His was one of a few voices calling for the battle to continue.

‘‘I think the Wal-Mart bill has proven to be more divisive in some regards and then we might have more support across party lines ... if we set our sights on access and affordability,” said Del. Heather R. Mizeur (D-Dist. 20) of Silver Spring.

She and Hammen suggested the General Assembly focus on expanding health care coverage for the uninsured.

‘‘It’s possible the Wal-Mart bill will at some level play into it,” Mizeur said.

A number of legislators are promoting legislation that would expand Medicaid, possibly paid for by doubling the tobacco tax to $2 for a pack of cigarettes.

The advocacy group Progressive Maryland was ready for the legislature to direct its attentions elsewhere.

‘‘If we want to expand health care coverage and reduce overall costs, [Wednesday’s] court ruling makes very difficult a piecemeal approach financed by mandated employer contributions,” said Sean Dobson, the organization’s deputy director. ‘‘Instead, state government should provide affordable insurance to the growing number of Marylanders without coverage and use its muscle to get fair prices from drug companies and health care providers.”

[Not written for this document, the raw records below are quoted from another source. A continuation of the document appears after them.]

Lemma card_perp_pow2 m (g : {ffun 'I_m -> word n}) :
  f2free g -> #|perp g| = (2 ^ (2 * n - m))%N.
Proof.
move=> free_g; have := card_perp free_g.
have m_le : (m <= 2 * n)%N.
  rewrite -(leq_exp2l _ _ (isT : (1 < 2)%N)) expnM -(card_perp free_g).
  by rewrite leq_pmull // card_gt0; apply/set0Pn; exists 0; apply: perp0.
rewrite -[4%N]/(2 ^ 2)%N -expnM -{1}(subnK m_le) expnD => /eqP.
by rewrite eqn_pmul2r ?expn_gt0 // => /eqP.
Qed.

End Perp.

Section Frames.
Variable n : nat.
Variable v : word n.
Hypothesis v_neq0 : v != 0.

Definition pairwise_orth m (b : {ffun 'I_m -> word n}) : bool :=
  [forall i, forall j, trace_ip (b i) (b j) == 0].

Lemma pairwise_orth_cons m z (g : {ffun 'I_m -> word n}) :
  pairwise_orth (fcons z g) = pairwise_orth g && (z \in perp g).
Proof.
apply/forallP/andP => [orth_zg|[/forallP orth_g /[!inE] /forallP z_g] i].
  split; first by apply/forallP=> i; apply/forallP=> j;
    have /forallP/(_ (lift ord0 j)) := orth_zg (lift ord0 i); rewrite !fconsS.
  by rewrite inE; apply/forallP=> j;
    have /forallP/(_ (lift ord0 j)) := orth_zg ord0; rewrite fcons0 fconsS.
apply/forallP=> j.
case: (unliftP ord0 i) => [i' ->|->]; case: (unliftP ord0 j) => [j' ->|->];
  rewrite ?fconsS ?fcons0 ?trace_ipxx //; first exact: (forallP (orth_g i')).
by rewrite trace_ipC.
Qed.

Lemma f2span_sub_perp m (g : {ffun 'I_m -> word n}) :
  pairwise_orth g -> f2span g \subset perp g.
Proof.
move=> /forallP orth_g; apply: f2span_sub; [exact: perp0 | exact: perpD |].
by move=> j; rewrite inE; apply/forallP=> i; apply: (forallP (orth_g j)).
Qed.

Lemma self_orthogonal_f2span m (b : {ffun 'I_m -> word n}) :
  pairwise_orth b -> self_orthogonal (f2span b).
Proof.
move=> /f2span_sub_perp/subsetP sub_perp; apply/forallP=> u; apply/implyP=> ub.
have : f2span b \subset [set w | trace_ip u w == 0].
  apply: f2span_sub => [|x y|j]; rewrite ?inE.
  - by rewrite trace_ipC trace_ip0l.
  - by rewrite trace_ipDr => /eqP-> /eqP->; rewrite addr0.
  - by have := sub_perp u ub; rewrite inE => /forallP.
by move=> /subsetP sub_u; apply/forallP=> w; apply/implyP=> /sub_u; rewrite inE.
Qed.

Definition orth_free m (b : {ffun 'I_m -> word n}) := f2free b && pairwise_orth b.

Definition free_in (C : {set word n}) m (b : {ffun 'I_m -> word n}) :=
  f2free b && [forall j, b j \in C].

Lemma card_orth_frames m :
  #|[set b : {ffun 'I_m.+1 -> word n} | orth_free b && (b ord_max == v)]| =
    (\prod_(1 <= j < m.+1) (2 ^ (2 * n - j) - 2 ^ j))%N.
Proof.
apply: (card_chains (S := fun m g => perp g :\: f2span g)) => [j z g|j g|].
- rewrite /orth_free f2free_cons pairwise_orth_cons in_setD.
  by case: (f2free g) (z \in f2span g) (z \in perp g) (pairwise_orth g) => [] [] [] [].
- case/andP=> free_g /f2span_sub_perp/setIidPr perp_span.
  by rewrite cardsD perp_span card_perp_pow2 // card_f2span.
rewrite /orth_free (fcons_eta [ffun => v]) f2free_cons pairwise_orth_cons.
rewrite f2free_nil f2span_nil ffunE v_neq0 inE /=.
by apply/andP; split; apply/forallP=> -[].
Qed.

Lemma card_frames_in (C : {set word n}) m :
  0 \in C -> (forall x y, x \in C -> y \in C -> x + y \in C) -> v \in C ->
  #|[set b : {ffun 'I_m.+1 -> word n} | free_in C b && (b ord_max == v)]| =
    (\prod_(1 <= j < m.+1) (#|C| - 2 ^ j))%N.
Proof.
move=> C0 CD vC.
apply: (card_chains (S := fun m g => C :\: f2span g)) => [j z g|j g|].
- rewrite /free_in f2free_cons (forall_fcons _ _ (fun w => w \in C)) in_setD.
  by case: (f2free g) (z \in f2span g) (z \in C) [forall i, g i \in C] => [] [] [] [].
- case/andP=> free_g /forallP gC.
  by rewrite cardsD (setIidPr (f2span_sub C0 CD gC)) card_f2span.
rewrite /free_in (fcons_eta [ffun => v]) f2free_cons f2free_nil f2span_nil.
by rewrite (forall_fcons _ _ (fun w => w \in C)) ffunE v_neq0 vC; apply/forallP=> -[].
Qed.

Lemma additive_code_f2span k (C : {set word n}) :
  additive_code_dim k C -> exists2 b : {ffun 'I_k -> word n}, f2free b & C = f2span b.
Proof.
by rewrite /additive_code_dim => /existsP[b]; rewrite is_f2basisE => /andP[free_b /eqP ->]; exists b.
Qed.

Lemma orth_frame_span m (b : {ffun 'I_m.+1 -> word n}) :
  orth_free b -> b ord_max == v ->
  [&& additive_code_dim m.+1 (f2span b), self_orthogonal (f2span b) & v \in f2span b].
Proof.
case/andP=> free_b orth_b /eqP <-; rewrite self_orthogonal_f2span // mem_f2span !andbT.
by apply/existsP; exists b; rewrite is_f2basisE free_b /=.
Qed.

Lemma orth_frames_spanning m (C : {set word n}) (b : {ffun 'I_m.+1 -> word n}) :
  additive_code_dim m.+1 C -> self_orthogonal C ->
  (orth_free b && (f2span b == C)) = free_in C b.
Proof.
case/additive_code_f2span=> b' free_b' -> so_C.
apply/andP/andP => [[/andP[free_b _] /eqP <-]|[free_b /forallP b_C]].
  by split=> //; apply/forallP=> j; apply: mem_f2span.
have span_b : f2span b = f2span b'.
  apply/eqP; rewrite eqEcard card_f2span // card_f2span // leqnn andbT.
  exact: f2span_sub (f2span0 _) (@f2spanD _ _ _) b_C.
rewrite span_b eqxx /orth_free free_b; split=> //.
apply/forallP=> i; apply/forallP=> j.
by have /forallP/(_ (b i)) := so_C; rewrite b_C => /forallP/(_ (b j)); rewrite b_C.
Qed.

(* Double counting: partition the tuples by their span; those spanning a code
   C are exactly the free tuples of elements of C ending in v. *)
Lemma card_orth_frames_by_code m :
  #|[set b : {ffun 'I_m.+1 -> word n} | orth_free b && (b ord_max == v)]| =
    (sigma m.+1 v * \prod_(1 <= j < m.+1) (2 ^ m.+1 - 2 ^ j))%N.
Proof.
rewrite /sigma; set codes := [set C : {set word n} | _].
rewrite -sum1_card (partition_big (@f2span n m.+1) (fun C => C \in codes)) => [|b].
  rewrite -sum_nat_const; apply: eq_bigr => C; rewrite inE => /and3P[code_C so_C vC].
  rewrite (eq_bigl (fun b => b \in [set b | free_in C b && (b ord_max == v)])) => [|b].
    have [b' free_b' C_eq] := additive_code_f2span code_C; subst C.
    by rewrite sum1_card card_frames_in ?card_f2span ?f2span0 //; apply: f2spanD.
  by rewrite !inE andbAC orth_frames_spanning // andbAC.
by rewrite !inE => /andP[/orth_frame_span].
Qed.

End Frames.

Lemma subn_pow2 a j : (j <= a)%N -> (2 ^ a - 2 ^ j = 2 ^ j * (2 ^ (a - j) - 1))%N.
Proof. by move=> ja; rewrite mulnBr muln1 -expnD subnKC. Qed.

Lemma prod_pow2_sub1_gt0 k : (0 < \prod_(1 <= j < k) (2 ^ j - 1))%N.
Proof.
rewrite big_seq prodn_cond_gt0 // => j; rewrite mem_index_iota => /andP[j_gt0 _].
by rewrite subn_gt0 -[1%N]/(2 ^ 0)%N ltn_exp2l.
Qed.

Lemma sigma_mul_prod n k (v : word n) : v != 0 -> (1 <= k)%N -> (k <= n)%N ->
  (sigma k v * \prod_(1 <= j < k) (2 ^ j - 1) =
    \prod_(1 <= j < k) (2 ^ (2 * (n - j)) - 1))%N.
Proof.
case: k => // m v_neq0 _ m_lt_n.
have := card_orth_frames_by_code v_neq0 m; rewrite card_orth_frames //.
have -> : (\prod_(1 <= j < m.+1) (2 ^ (2 * n - j) - 2 ^ j) =
    \prod_(1 <= j < m.+1) 2 ^ j * \prod_(1 <= j < m.+1) (2 ^ (2 * (n - j)) - 1))%N.
  rewrite -big_split; apply: eq_big_nat => j /andP[_ j_lt].
  by rewrite subn_pow2; [congr (_ * (2 ^ _ - 1))%N|]; lia.
have -> : (\prod_(1 <= j < m.+1) (2 ^ m.+1 - 2 ^ j) =
    \prod_(1 <= j < m.+1) 2 ^ j * \prod_(1 <= j < m.+1) (2 ^ j - 1))%N.
  rewrite (big_nat_rev _ _ _ _ _ (fun j => 2 ^ j - 1)%N) -big_split.
  apply: eq_big_nat => j /andP[_ j_lt].
  by rewrite subn_pow2; [congr (_ * (2 ^ _ - 1))%N|]; lia.
rewrite mulnCA => /eqP; rewrite eqn_pmul2l ?prodn_gt0 // => [/eqP <-|j] //.
by rewrite expn_gt0.
Qed.

Lemma natr_pow2_sub1 e : ((2 ^ e - 1)%N%:R = 2%:R ^+ e - 1 :> rat).
Proof. by rewrite natrB ?natrX // expn_gt0. Qed.

Theorem lemmaA2 (n k : nat) (v : word n) :
  v != 0 -> (1 <= k)%N -> (k <= n)%N ->
  (sigma k v)%:R =
    \prod_(1 <= i < k) ((2%:R ^+ (2 * (n - i)) - 1) / (2%:R ^+ i - 1) : rat).
Proof.
move=> v_neq0 k_gt0 k_le_n.
rewrite prodf_div (eq_bigr (fun i => (2 ^ (2 * (n - i)) - 1)%N%:R)) => [|i _].
  rewrite [X in _ / X](eq_bigr (fun i => (2 ^ i - 1)%N%:R)) => [|i _];
    last by rewrite natr_pow2_sub1.
  rewrite -!natr_prod -(sigma_mul_prod v_neq0 k_gt0 k_le_n).
  by rewrite natrM mulfK // pnatr_eq0 -lt0n prod_pow2_sub1_gt0.
by rewrite natr_pow2_sub1.
Qed.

Industry groups hailed the ruling.

‘‘We believe the real aim of this legislation was to establish a precedent that would ultimately subject Maryland small-business owners to a payroll tax and require all Maryland small-business owners to pay for health insurance for full-time and part-time employees,” said Ellen Valentino, state director of the National Federation of Independent Business, in a statement.

The group Working Families for Wal-Mart pinned the bill to a larger union effort to attack the world’s largest retailer.

‘‘On behalf of working families everywhere, we urge the union leaders’ to abandon these failed gimmicks and use their members’ dues to help pass meaningful reforms that expand affordable health coverage to all Americans,” said Catherine Smith, interim chairwoman of the organization.